▶ ABOUT THIS TASK:
Give the number of lines in the data below where the word "Hypothesis" appears, and nothing besides.

[Records contained in a dataset]
Section Quotient.
Variables (R S : finComUnitRingType) (pi0 : {rmorphism R -> S}) (a : R).
Hypothesis aloc : principal_local a.
Hypothesis pi0_surj : forall s : S, exists r : R, pi0 r = s.
Hypothesis pi0_ker : forall r : R, pi0 r = 0 <-> r \in Defs.I0 R.

Lemma pi0_eq0 r : pi0 r = 0 <-> exists2 e, r = a * e & a ^+ 2 * e = 0.
Proof.
rewrite pi0_ker (principal_local_I0 aloc).
split => [/andP[/imsetP[e _ ->] /eqP aae]|[e -> aae]].
  by exists e; rewrite // expr2 -mulrA.
by rewrite imset_f //= mulrA -expr2 aae.
Qed.

Lemma principal_local_image : principal_local (pi0 a).
Proof.
have [an au] := aloc; split.
- apply: contra an => /unitrPr[y ay1]; have [r er] := pi0_surj y.
  have /pi0_eq0[z ez _] : pi0 (a * r - 1) = 0.
    by rewrite rmorphB rmorphM rmorph1 er ay1 subrr.
  by apply/unitrPr; exists (r - z); rewrite mulrBr -ez opprB addrC subrK.
- move=> x; have [r <-] := pi0_surj x.
  have [ru|/imsetP[y _ ->]] := au r; first by left; apply: rmorph_unit.
  by right; rewrite rmorphM imset_f.
Qed.

Lemma card_image_lt : a != 0 -> (#|S| < #|R|)%N.
Proof.
move=> anz; have [M [aM2 aM1]] := principal_local_nil_index aloc anz.
have kerM : pi0 (a ^+ M.+1) = 0.
  by apply/pi0_eq0; exists (a ^+ M); rewrite -?exprS // -exprD.
have imT : pi0 @: [set: R] = [set: S].
  by apply/setP => s; have [r <-] := pi0_surj s; rewrite !inE imset_f ?inE.
rewrite -cardsT -imT -[#|R|]cardsT ltn_neqAle leq_imset_card andbT.
apply: contra aM1 => /imset_injP inj; apply/eqP.
by apply: inj; rewrite ?inE // kerM rmorph0.
Qed.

▶ COMPLETED TASK:
3